== Try it ==
A verbatim copy of every entry is required.

━━━━━ The data

(* [1 - b t] maps into [ker b = im a]; lift it through [a]. *)
Lemma projective_split_step (P P1 P0 : rmod F V A) (a : 'M[F]_(mdim P1, mdim P))
    (b : 'M[F]_(mdim P, mdim P0)) (t : 'M[F]_(mdim P0, mdim P)) :
  is_projective src tgt P -> is_mod src tgt P1 -> is_hom a -> is_hom b -> is_hom t ->
  (a == kermx b)%MS -> b *m t *m b = b ->
  exists s : 'M[F]_(mdim P, mdim P1),
    [/\ is_hom s, s *m a = 1%:M - b *m t & a *m s *m a = a].
Proof.
move=> projP modP1 Ha Hb Ht /andP[ak ka] btb.
have Hh : is_hom (1%:M - b *m t) by apply: is_homB; [exact: is_hom1 | exact: is_homM].
have hk : (1%:M - b *m t <= a)%MS.
  by apply: submx_trans ka; apply/sub_kermxP; rewrite mulmxBl mul1mx btb subrr.
have [s [Hs E]] := projective_lift projP modP1 projP.1 Ha Hh hk.
have ab : a *m b = 0 by apply/sub_kermxP.
exists s; split => //.
by rewrite -mulmxA -E mulmxBr mulmx1 mulmxA ab mul0mx subr0.
Qed.

Lemma projres_projective_regular (X : rmod F V A) (P : nat -> rmod F V A)
    (d : forall j, 'M[F]_(mdim (P j.+1), mdim (P j))) (eps : 'M[F]_(mdim (P 0), mdim X)) :
  is_projective src tgt X -> is_projres src tgt d eps ->
  forall j, exists s : 'M[F]_(mdim (P j), mdim (P j.+1)), is_hom s /\ d j *m s *m d j = d j.
Proof.
move=> projX [projP [modX [Hd [He [eps_full [d0 dS]]]]]].
have modP j : is_mod src tgt (P j) by case: (projP j).
have [t0 [Ht0 E0]] : exists t0 : 'M[F]_(mdim X, mdim (P 0)), is_hom t0 /\ 1%:M = t0 *m eps.
  by apply: (projective_lift projX (modP 0%N) modX He (is_hom1 X)); rewrite sub1mx.
elim=> [|j [s [Hs dsd]]].
  have ete : eps *m t0 *m eps = eps by rewrite -mulmxA -E0 mulmx1.
  have [s [Hs _ dsd]] := projective_split_step (projP 0%N) (modP 1%N) (Hd 0%N) He Ht0 d0 ete.
  by exists s.
have [s' [Hs' _ dsd']] :=
  projective_split_step (projP j.+1) (modP j.+2) (Hd j.+1) (Hd j) Hs (dS j) dsd.
by exists s'.
Qed.

Lemma Ext_vanishes_projective (X Y : rmod F V A) i :
  is_projective src tgt X -> (0 < i)%N -> Ext_vanishes src tgt i X Y.
Proof.
move=> projX; case: i => // k _ P d eps res phi Hphi phi_cocycle.
have [projP [_ [Hd [_ [_ [_ dS]]]]]] := res.
have [s [Hs dsd]] := projres_projective_regular projX res k.
have [s' [_ E _]] := projective_split_step (projP k.+1) (projP k.+2).1 (Hd k.+1) (Hd k) Hs
  (dS k) dsd.
exists (s *m phi); split; first exact: is_homM.
have -> : d k *m (s *m phi) = (1%:M - s' *m d k.+1) *m phi.
  by rewrite E mulmxA opprB addrC subrK.
by rewrite mulmxBl mul1mx -mulmxA phi_cocycle mulmx0 subr0.
Qed.

(* D(Lambda) on the dual basis: [p^* . s] is the sum of the [q^*] with [s q = p]. *)
Definition dual_coef (s : B) (p q : B) : F := (pmul s q == Some p)%:R.

Definition dual := struct_mod dual_coef.

Lemma is_mod_dual : is_mod src tgt dual.
Proof.
apply: is_mod_struct_mod => [s t p q|p q].
  under eq_bigr do rewrite mulrC.
  by rewrite sum_oapp /dual_coef (oapp_nat_eq _ (pmul s)) oapp_nat_eq pmulA.
rewrite (eq_bigr (fun v => (psrc q == v)%:R * (p == q)%:R)) ?sum_delta // => v _.
rewrite /dual_coef pmul_vtx_l.
by case: (p == q); case: (psrc q == v); rewrite ?mulr1 ?mulr0.
Qed.

(* Evaluation at [1 = sum_v e_v], as a linear form on D(Lambda). *)
Definition unit_col : 'cV[F]_#|{: B}| := \sum_v ecol (inl v : B).

Lemma dual_act_unit_col q : act dual q *m unit_col = ecol q.
Proof.
rewrite act_struct_mod /unit_col mulmx_sumr; under eq_bigr do rewrite fmx_ecol.
rewrite exchange_big /= (eq_bigr (fun p => (q == p)%:R *: ecol p)) ?sum_deltaZ //.
move=> p _; rewrite -scaler_suml; congr (_ *: _).
rewrite (eq_bigr (fun v => (ptgt q == v)%:R * (q == p)%:R)) ?sum_delta //.
move=> v _; rewrite /dual_coef pmul_vtx_r [p == q]eq_sym.
by case: (q == p); case: (ptgt q == v); rewrite ?mulr1 ?mulr0.
Qed.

━━━━━━━━━━

== Completed task ==
(* [1 - b t] maps into [ker b = im a]; lift it through [a]. *)
Lemma projective_split_step (P P1 P0 : rmod F V A) (a : 'M[F]_(mdim P1, mdim P))
    (b : 'M[F]_(mdim P, mdim P0)) (t : 'M[F]_(mdim P0, mdim P)) :
  is_projective src tgt P -> is_mod src tgt P1 -> is_hom a -> is_hom b -> is_hom t ->
  (a == kermx b)%MS -> b *m t *m b = b ->
  exists s : 'M[F]_(mdim P, mdim P1),
    [/\ is_hom s, s *m a = 1%:M - b *m t & a *m s *m a = a].
Proof.
move=> projP modP1 Ha Hb Ht /andP[ak ka] btb.
have Hh : is_hom (1%:M - b *m t) by apply: is_homB; [exact: is_hom1 | exact: is_homM].
have hk : (1%:M - b *m t <= a)%MS.
  by apply: submx_trans ka; apply/sub_kermxP; rewrite mulmxBl mul1mx btb subrr.
have [s [Hs E]] := projective_lift projP modP1 projP.1 Ha Hh hk.
have ab : a *m b = 0 by apply/sub_kermxP.
exists s; split => //.
by rewrite -mulmxA -E mulmxBr mulmx1 mulmxA ab mul0mx subr0.
Qed.

Lemma projres_projective_regular (X : rmod F V A) (P : nat -> rmod F V A)
    (d : forall j, 'M[F]_(mdim (P j.+1), mdim (P j))) (eps : 'M[F]_(mdim (P 0), mdim X)) :
  is_projective src tgt X -> is_projres src tgt d eps ->
  forall j, exists s : 'M[F]_(mdim (P j), mdim (P j.+1)), is_hom s /\ d j *m s *m d j = d j.
Proof.
move=> projX [projP [modX [Hd [He [eps_full [d0 dS]]]]]].
have modP j : is_mod src tgt (P j) by case: (projP j).
have [t0 [Ht0 E0]] : exists t0 : 'M[F]_(mdim X, mdim (P 0)), is_hom t0 /\ 1%:M = t0 *m eps.
  by apply: (projective_lift projX (modP 0%N) modX He (is_hom1 X)); rewrite sub1mx.
elim=> [|j [s [Hs dsd]]].
  have ete : eps *m t0 *m eps = eps by rewrite -mulmxA -E0 mulmx1.
  have [s [Hs _ dsd]] := projective_split_step (projP 0%N) (modP 1%N) (Hd 0%N) He Ht0 d0 ete.
  by exists s.
have [s' [Hs' _ dsd']] :=
  projective_split_step (projP j.+1) (modP j.+2) (Hd j.+1) (Hd j) Hs (dS j) dsd.
by exists s'.
Qed.

Lemma Ext_vanishes_projective (X Y : rmod F V A) i :
  is_projective src tgt X -> (0 < i)%N -> Ext_vanishes src tgt i X Y.
Proof.
move=> projX; case: i => // k _ P d eps res phi Hphi phi_cocycle.
have [projP [_ [Hd [_ [_ [_ dS]]]]]] := res.
have [s [Hs dsd]] := projres_projective_regular projX res k.
have [s' [_ E _]] := projective_split_step (projP k.+1) (projP k.+2).1 (Hd k.+1) (Hd k) Hs
  (dS k) dsd.
exists (s *m phi); split; first exact: is_homM.
have -> : d k *m (s *m phi) = (1%:M - s' *m d k.+1) *m phi.
  by rewrite E mulmxA opprB addrC subrK.
by rewrite mulmxBl mul1mx -mulmxA phi_cocycle mulmx0 subr0.
Qed.

(* D(Lambda) on the dual basis: [p^* . s] is the sum of the [q^*] with [s q = p]. *)
Definition dual_coef (s : B) (p q : B) : F := (pmul s q == Some p)%:R.

Definition dual := struct_mod dual_coef.

Lemma is_mod_dual : is_mod src tgt dual.
Proof.
apply: is_mod_struct_mod => [s t p q|p q].
  under eq_bigr do rewrite mulrC.
  by rewrite sum_oapp /dual_coef (oapp_nat_eq _ (pmul s)) oapp_nat_eq pmulA.
rewrite (eq_bigr (fun v => (psrc q == v)%:R * (p == q)%:R)) ?sum_delta // => v _.
rewrite /dual_coef pmul_vtx_l.
by case: (p == q); case: (psrc q == v); rewrite ?mulr1 ?mulr0.
Qed.

(* Evaluation at [1 = sum_v e_v], as a linear form on D(Lambda). *)
Definition unit_col : 'cV[F]_#|{: B}| := \sum_v ecol (inl v : B).

Lemma dual_act_unit_col q : act dual q *m unit_col = ecol q.
Proof.
rewrite act_struct_mod /unit_col mulmx_sumr; under eq_bigr do rewrite fmx_ecol.
rewrite exchange_big /= (eq_bigr (fun p => (q == p)%:R *: ecol p)) ?sum_deltaZ //.
move=> p _; rewrite -scaler_suml; congr (_ *: _).
rewrite (eq_bigr (fun v => (ptgt q == v)%:R * (q == p)%:R)) ?sum_delta //.
move=> v _; rewrite /dual_coef pmul_vtx_r [p == q]eq_sym.
by case: (q == p); case: (ptgt q == v); rewrite ?mulr1 ?mulr0.
Qed.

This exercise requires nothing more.